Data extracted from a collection
● ● ● ● ● ● ●

Theorem lemma5 (R : realType) (n : nat) (p : 'I_n -> bool -> bool -> R)
    (A : 'M[R]_n) (tau : R)
    (p_ge0 : forall j a b, 0 <= p j a b)
    (p_sum1 : forall j, \sum_(a : bool) \sum_(b : bool) p j a b = 1)
    (tau_gt0 : 0 < tau)
    (tau_le : 4%:R * tau * opnorm A ^+ 2 <= 1) :
  forall e : eta_space n,
    cond_exp_eta p
      (fun (g : gam_space n) (eta : eta_space n) =>
         expR (tau * \sum_(i < n | eta i)
                 ((g i).1%:R * \sum_(j < n | ~~ eta j) A i j ^+ 2 * (g j).2%:R)))
      e
    <= expR ((144%:R / 100%:R) * tau *
             \sum_(i < n) \sum_(j < n | i != j) A i j ^+ 2 * pi1 p i * pi2 p j).
Proof.
move=> e; rewrite cond_exp_eta_decouple //.
pose r j b := \sum_t p j b t; pose s j b := \sum_t p j t b.
have r_ge0 j b : 0 <= r j b by apply: sumr_ge0.
have s_ge0 j b : 0 <= s j b by apply: sumr_ge0.
have r_sum1 j : r j false + r j true = 1 by rewrite addrC -(p_sum1 j) big_bool.
have s_sum1 j : s j false + s j true = 1.
  by rewrite addrC -(p_sum1 j) exchange_big big_bool.
apply: le_trans (bernoulli_bilinear_expR_le e (predC e) r_ge0 r_sum1 s_ge0 s_sum1
  (fun i j => sqr_ge0 (A i j)) (opnorm_row A) (opnorm_col A) (ltW tau_gt0) tau_le) _.
rewrite ler_expR (_ : 144%:R / 100%:R = 36/25 :> R); last by lra.
rewrite ler_pM2l ?mulr_gt0 //.
under eq_bigr do under eq_bigr do rewrite [r _ _ * _]mulrC.
apply: (sum_cross_le_offdiag (F := fun i j => A i j ^+ 2 * pi1 p i * pi2 p j)) => [i|i j] /=.
  by rewrite negbK.
by do 2?apply: mulr_ge0; rewrite ?sqr_ge0 ?sumr_ge0.
Qed.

● ● ● ● ● ● ●

INSTRUCTIONS TO FOLLOW: Each line from the one containing "i * pi2 p j)." to the last line above must be returned exactly, and no line outside that range.

ANSWER TO THIS TASK:
             \sum_(i < n) \sum_(j < n | i != j) A i j ^+ 2 * pi1 p i * pi2 p j).
Proof.
move=> e; rewrite cond_exp_eta_decouple //.
pose r j b := \sum_t p j b t; pose s j b := \sum_t p j t b.
have r_ge0 j b : 0 <= r j b by apply: sumr_ge0.
have s_ge0 j b : 0 <= s j b by apply: sumr_ge0.
have r_sum1 j : r j false + r j true = 1 by rewrite addrC -(p_sum1 j) big_bool.
have s_sum1 j : s j false + s j true = 1.
  by rewrite addrC -(p_sum1 j) exchange_big big_bool.
apply: le_trans (bernoulli_bilinear_expR_le e (predC e) r_ge0 r_sum1 s_ge0 s_sum1
  (fun i j => sqr_ge0 (A i j)) (opnorm_row A) (opnorm_col A) (ltW tau_gt0) tau_le) _.
rewrite ler_expR (_ : 144%:R / 100%:R = 36/25 :> R); last by lra.
rewrite ler_pM2l ?mulr_gt0 //.
under eq_bigr do under eq_bigr do rewrite [r _ _ * _]mulrC.
apply: (sum_cross_le_offdiag (F := fun i j => A i j ^+ 2 * pi1 p i * pi2 p j)) => [i|i j] /=.
  by rewrite negbK.
by do 2?apply: mulr_ge0; rewrite ?sqr_ge0 ?sumr_ge0.
Qed.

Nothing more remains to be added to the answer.